• _Task inputs_:
(* Consider the ergodic Markov process described in the context, with equilibrium distribution $p$. If $p_1,\dots,p_{2^cK}:W\to\mathbb C$ are $2^cK$ linearly independent, absolutely convergent solutions of the inner equations, then there are (possibly complex-valued) constants $\alpha_1,\dots,\alpha_{2^cK}$, uniquely determined (by the equilibrium equations for the states in $V$ and the states $\mathbf n\in W$ with $n_0<K$, together with the normalization condition), such that \[ p(\mathbf n)=\sum_{j=1}^{2^cK}\alpha_j p_j(\mathbf n),\qquad \mathbf n\in W. \]
   Context: Fix integers $c\ge 1$ and $K\ge 1$. Consider an irreducible continuous-time Markov process on the state space $V\cup W$, where $V$ is a finite set and $W=\{\mathbf n=(n_0,n_1,\dots,n_c): n_0\in\{0,1,2,\dots\},\ n_i\in\{0,1\},\ i=1,\dots,c\}$. For each $i\in\{1,\dots,c\}$ and each integer $k\le K$ there are nonnegative rates $a_{k,i},b_{k,i},c_{k,i},d_{k,i}$. From a state $\mathbf n\in W$, for each $i$ and each $k\in\{-n_0,\dots,K\}$, the process jumps (changing only coordinates $0$ and $i$) from $(n_0,n_i)=(n_0,0)$ to $(n_0+k,1)$ at rate $a_{k,i}$ and to $(n_0+k,0)$ at rate $b_{k,i}$, and from $(n_0,n_i)=(n_0,1)$ to $(n_0+k,1)$ at rate $c_{k,i}$ and to $(n_0+k,0)$ at rate $d_{k,i}$; moreover from $\mathbf n$ it jumps into $V$ with total rate $\sum_{i=1}^c\sum_{k\le -n_0-1}\bigl((1-n_i)(a_{k,i}+b_{k,i})+n_i(c_{k,i}+d_{k,i})\bigr)$. There are no other transitions out of $W$. From states in $V$ no transitions are possible to states $\mathbf n\in W$ with $n_0\ge K$. All total outgoing rates are finite. The process is assumed ergodic and $p(\mathbf n)$ denotes its equilibrium probability of state $\mathbf n$. Let $e_i$ be the vector of length $c+1$ (indexed $0,\dots,c$) with a $1$ in position $i$ and zeros elsewhere. The inner equations are, for a function $q:W\to\mathbb C$ and all $\mathbf n\in W$ with $n_0\ge K$: \[\sum_{i=1}^c\sum_{k=-\infty}^K\bigl((1-n_i)(a_{k,i}+b_{k,i})+n_i(c_{k,i}+d_{k,i})\bigr)q(\mathbf n)=\sum_{i=1}^c\sum_{k=-\infty}^K\Bigl((1-n_i)\bigl(b_{k,i}q(\mathbf n-ke_0)+d_{k,i}q(\mathbf n-ke_0+e_i)\bigr)+n_i\bigl(a_{k,i}q(\mathbf n-ke_0-e_i)+c_{k,i}q(\mathbf n-ke_0)\bigr)\Bigr).\] A solution $q$ is called absolutely convergent if $\sum_{\mathbf n\in W}|q(\mathbf n)|<\infty$. *)

From Stdlib Require Import Reals ZArith Relations.
From Coquelicot Require Import Coquelicot.
From mathcomp Require Import ssreflect ssrfun ssrbool eqtype ssrnat seq choice fintype finfun bigop.

Set Implicit Arguments.
Unset Strict Implicit.

(* Paper index i in {1..c}  <-> here i : 'I_c (i.e. paper's i = our i + 1). *)
(* States of W: n = (n_0, (n_1..n_c)), n_0 : nat, bits as a finite function. *)
Definition W (c : nat) : Type := (nat * {ffun 'I_c -> bool})%type.
(* Let $G$ be a group and $S(X)=1$ a system of equations over $G$ which has a solution in $G$. For an arbitrary system $T(X,Y)=1$ over $G$ the following are equivalent: (1) $T(X,Y)=1$ is compatible with $S(X)=1$ and admits an $S$-lift over $G$; (2) $G_{R(S)}$ is a retract of $G_{R(S\cup T)}$, i.e. $G_{R(S)}$ is (canonically) a subgroup of $G_{R(S\cup T)}$ and there is a $G_{R(S)}$-homomorphism $G_{R(S\cup T)}\to G_{R(S)}$.
   Context: $G[Z]=G*F(Z)$; for a system $S$ in variables $Z$ over $G$, $R(S)$ is the intersection of the kernels of all $G$-homomorphisms $G[Z]\to G$ killing $S$ (or $G[Z]$ if none), and $G_{R(S)}=G[Z]/R(S)$; $\mu:X\to G_{R(S)}$ is the canonical map. $T=1$ is compatible with $S=1$ over $G$ if for every solution $U$ of $S=1$ in $G$, $T(U,Y)=1$ has a solution in $G$; it admits an $S$-lift if $T(X^\mu,Y)=1$ has a solution in $G_{R(S)}$. *)

From mathcomp Require Import all_boot.
Set Implicit Arguments.
Unset Strict Implicit.
Unset Printing Implicit Defensive.

Record group := Group {
  gcar :> Type;
  gmul : gcar -> gcar -> gcar;
  ginv : gcar -> gcar;
  gone : gcar;
  gmulA : forall a b c, gmul a (gmul b c) = gmul (gmul a b) c;
  gmul1 : forall a, gmul a gone = a;
  g1mul : forall a, gmul gone a = a;
  gmulV : forall a, gmul a (ginv a) = gone;
  gVmul : forall a, gmul (ginv a) a = gone
}.

(* Group words with constants from G and variables from V: these represent
   (non-uniquely) the elements of G[V] = G * F(V). *)
Inductive gterm (G V : Type) : Type :=
| Cst : G -> gterm G V
| Var : V -> gterm G V
| One : gterm G V
| Mul : gterm G V -> gterm G V -> gterm G V
| Inv : gterm G V -> gterm G V.
Arguments One {G V}.

(* A system of equations over G in variables V: a set of elements of G[V]
   (each s in the set stands for the equation s = 1). *)
Definition system (G V : Type) := gterm G V -> Prop.

Fixpoint eval (G : group) (V : Type) (a : V -> G) (t : gterm G V) : G :=
  match t with
  | Cst g => g
  | Var v => a v
  | One => gone G
  | Mul t1 t2 => gmul (eval a t1) (eval a t2)
  | Inv t1 => ginv (eval a t1)
  end.

Definition solution (G : group) (V : Type) (S : system G V) (a : V -> G) :=
  forall s, S s -> eval a s = gone G.

(* t \in R(S): t lies in the kernel of every G-homomorphism G[V] -> G killing S
   (all such homomorphisms are evaluations at solutions); if S has no solution
   this is all of G[V]. *)
Definition radical (G : group) (V : Type) (S : system G V) (t : gterm G V) :=
  forall a : V -> G, solution S a -> eval a t = gone G.

(* Equality of the images of t and t' in G_{R(S)} = G[V]/R(S). *)
Definition coord_eq (G : group) (V : Type) (S : system G V) (t t' : gterm G V) :=
  radical S (Mul t (Inv t')).

Fixpoint subst (G V W : Type) (f : V -> gterm G W) (t : gterm G V) : gterm G W :=
  match t with
  | Cst g => Cst W g
  | Var v => f v
  | One => One
  | Mul t1 t2 => Mul (subst f t1) (subst f t2)
  | Inv t1 => Inv (subst f t1)
  end.

Definition liftX (G X Y : Type) (t : gterm G X) : gterm G (X + Y) :=
  subst (fun x => Var G (inl x)) t.

Definition sys_union (G X Y : Type) (S : system G X) (T : system G (X + Y))
  : system G (X + Y) :=
  fun t => (exists s, S s /\ t = liftX Y s) \/ T t.

Definition join (A X Y : Type) (U : X -> A) (W : Y -> A) : X + Y -> A :=
  fun z => match z with inl x => U x | inr y => W y end.

Definition compatible (G : group) (X Y : Type) (S : system G X)
  (T : system G (X + Y)) :=
  forall U : X -> G, solution S U -> exists W : Y -> G, solution T (join U W).

(* T admits an S-lift: T(X^mu, Y) = 1 has a solution in G_{R(S)}, i.e. there are
   w : Y -> G[X] with T(X, w) = 1 in G_{R(S)}. *)
Definition admits_lift (G : group) (X Y : Type) (S : system G X)
  (T : system G (X + Y)) :=
  exists w : Y -> gterm G X,
    forall t, T t -> coord_eq S (subst (join (fun x => Var G x) w) t) One.

(* G_{R(S)} is a retract of G_{R(S u T)}:
   (i) the canonical G-homomorphism G_{R(S)} -> G_{R(S u T)} induced by
       X -> X u Y is injective;
   (ii) there is a G_{R(S)}-homomorphism G_{R(S u T)} -> G_{R(S)}, i.e. a
       G-homomorphism (given by images sigma of the generators X u Y, well
       defined on the quotient) which is the identity on (the image of)
       G_{R(S)}. *)
Definition is_retract (G : group) (X Y : Type) (S : system G X)
  (T : system G (X + Y)) :=
  (forall t t' : gterm G X,
      coord_eq (sys_union S T) (liftX Y t) (liftX Y t') -> coord_eq S t t')
  /\
  exists sigma : X + Y -> gterm G X,
    (forall t t' : gterm G (X + Y),
        coord_eq (sys_union S T) t t' -> coord_eq S (subst sigma t) (subst sigma t'))
    /\ (forall x : X, coord_eq S (sigma (inl x)) (Var G x)).

(* An element of G_{R(S)} is determined by its values at the solutions of S,
   so everything reduces to evaluation at solutions.  A lift w : Y -> G[X] of
   T is then the same as a family of solutions (U, w(U)) of S u T depending
   uniformly on the solution U of S; in particular it makes T compatible with
   S.  Substituting X -> X, Y -> w gives the retraction G_{R(S u T)} -> G_{R(S)};
   conversely a retraction sigma is, modulo R(S), such a substitution with
   w := sigma on Y, which is therefore a lift. *)
From mathcomp Require Import all_boot.

Set Implicit Arguments.
Unset Strict Implicit.
Unset Printing Implicit Defensive.

Lemma eval_subst (G : group) (V W : Type) (a : W -> G) (f : V -> gterm G W)
    (t : gterm G V) :
  eval a (subst f t) = eval (fun v => eval a (f v)) t.
Proof. by elim: t => //= [t1 -> t2 ->|t1 ->]. Qed.

Lemma eq_eval (G : group) (V : Type) (a b : V -> G) (t : gterm G V) :
  a =1 b -> eval a t = eval b t.
Proof. by move=> eq_ab; elim: t => //= [t1 -> t2 ->|t1 ->]. Qed.

Lemma gmulV_eq1 (G : group) (a b : G) : gmul a (ginv b) = gone G <-> a = b.
Proof.
split=> [ab1|->]; last exact: gmulV.
by rewrite -[a]gmul1 -(gVmul b) gmulA ab1 g1mul.
Qed.

Lemma coord_eqP (G : group) (V : Type) (S : system G V) (t t' : gterm G V) :
  coord_eq S t t' <-> forall U, solution S U -> eval U t = eval U t'.
Proof.
by split=> tt' U solU; [apply/gmulV_eq1; exact: tt' | apply/gmulV_eq1; exact: tt'].
Qed.

Section Retract.

Variables (G : group) (X Y : Type) (S : system G X) (T : system G (X + Y)).

Lemma eval_liftX (U : X -> G) (W : Y -> G) (t : gterm G X) :
  eval (join U W) (liftX Y t) = eval U t.
Proof. by rewrite eval_subst. Qed.

Lemma solution_sys_union (U : X -> G) (W : Y -> G) :
  solution (sys_union S T) (join U W) <-> solution S U /\ solution T (join U W).
Proof.
split=> [solUW | [solU solT] t [[s [Ss ->]]|Tt]].
- by split=> [s Ss|t Tt]; [rewrite -(eval_liftX U W); apply: solUW; left; exists s
                         | apply: solUW; right].
- by rewrite eval_liftX; apply: solU.
- exact: solT.
Qed.

Lemma eval_subst_join (U : X -> G) (w : Y -> gterm G X) (t : gterm G (X + Y)) :
  eval U (subst (join (@Var G X) w) t) = eval (join U (fun y => eval U (w y))) t.
Proof. by rewrite eval_subst; apply: eq_eval => -[]. Qed.

Definition generic_solution (w : Y -> gterm G X) :=
  forall U, solution S U -> solution T (join U (fun y => eval U (w y))).

Lemma admits_liftP :
  admits_lift S T <-> exists w, generic_solution w.
Proof.
split=> -[w lift_w]; exists w.
- move=> U solU t Tt; rewrite -eval_subst_join.
  by apply: (proj1 (coord_eqP _ _ One)) solU; apply: lift_w.
- by move=> t Tt; apply/coord_eqP => U solU; rewrite eval_subst_join; apply: lift_w.
Qed.

Lemma compatible_generic_solution (w : Y -> gterm G X) :
  generic_solution w -> compatible S T.
Proof. by move=> gen_w U solU; exists (fun y => eval U (w y)); apply: gen_w. Qed.

Lemma coord_eq_liftX : compatible S T ->
  forall t t', coord_eq (sys_union S T) (liftX Y t) (liftX Y t') -> coord_eq S t t'.
Proof.
move=> compat t t' /coord_eqP tt'; apply/coord_eqP => U solU.
have [W solT] := compat U solU.
by rewrite -(eval_liftX U W) -[RHS](eval_liftX U W); apply/tt'/solution_sys_union.
Qed.

Lemma retraction_generic_solution (w : Y -> gterm G X) :
  generic_solution w -> forall t t',
  coord_eq (sys_union S T) t t' ->
  coord_eq S (subst (join (@Var G X) w) t) (subst (join (@Var G X) w) t').
Proof.
move=> gen_w t t' /coord_eqP tt'; apply/coord_eqP => U solU.
by rewrite !eval_subst_join; apply/tt'/solution_sys_union; split; last apply: gen_w.
Qed.

Lemma retraction_subst_eq (sigma : X + Y -> gterm G X) :
    (forall x, coord_eq S (sigma (inl x)) (Var G x)) ->
  forall U, solution S U -> forall t,
  eval U (subst sigma t) = eval (join U (fun y => eval U (sigma (inr y)))) t.
Proof.
move=> sigma_id U solU t; rewrite eval_subst; apply: eq_eval => -[x|y] //=.
exact: (proj1 (coord_eqP _ _ _) (sigma_id x)).
Qed.

Lemma generic_solution_retraction (sigma : X + Y -> gterm G X) :
    (forall t t', coord_eq (sys_union S T) t t' ->
       coord_eq S (subst sigma t) (subst sigma t')) ->
    (forall x, coord_eq S (sigma (inl x)) (Var G x)) ->
  generic_solution (fun y => sigma (inr y)).
Proof.
move=> sigma_wd sigma_id U solU t Tt.
rewrite -(retraction_subst_eq sigma_id solU).
have /coord_eqP -> // : coord_eq S (subst sigma t) (subst sigma One).
by apply: sigma_wd; apply/coord_eqP => V solV; apply: solV; right.
Qed.

End Retract.

Theorem mainTheorem9 (G : group) (n m : nat)
  (S : system G 'I_n) (T : system G ('I_n + 'I_m)%type)
  (hS : exists U : 'I_n -> G, solution S U) :
  (compatible S T /\ admits_lift S T) <-> is_retract S T.
Proof.
split=> [[compat /admits_liftP [w gen_w]] | [_ [sigma [sigma_wd sigma_id]]]].
- split; first exact: coord_eq_liftX.
  exists (join (@Var G _) w); split; first exact: retraction_generic_solution.
  by move=> x; apply/coord_eqP.
- have gen := generic_solution_retraction sigma_wd sigma_id.
  split; first exact: compatible_generic_solution gen.
  by apply/admits_liftP; exists (fun y => sigma (inr y)).
Qed.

• _Work item_: Please, from the entries above, set down exactly the lines from the one containing "gcar :> Type;" through the one containing "Inductive gterm (G", and only those.

• _Final answer_:
  gcar :> Type;
  gmul : gcar -> gcar -> gcar;
  ginv : gcar -> gcar;
  gone : gcar;
  gmulA : forall a b c, gmul a (gmul b c) = gmul (gmul a b) c;
  gmul1 : forall a, gmul a gone = a;
  g1mul : forall a, gmul gone a = a;
  gmulV : forall a, gmul a (ginv a) = gone;
  gVmul : forall a, gmul (ginv a) a = gone
}.

(* Group words with constants from G and variables from V: these represent
   (non-uniquely) the elements of G[V] = G * F(V). *)
Inductive gterm (G V : Type) : Type :=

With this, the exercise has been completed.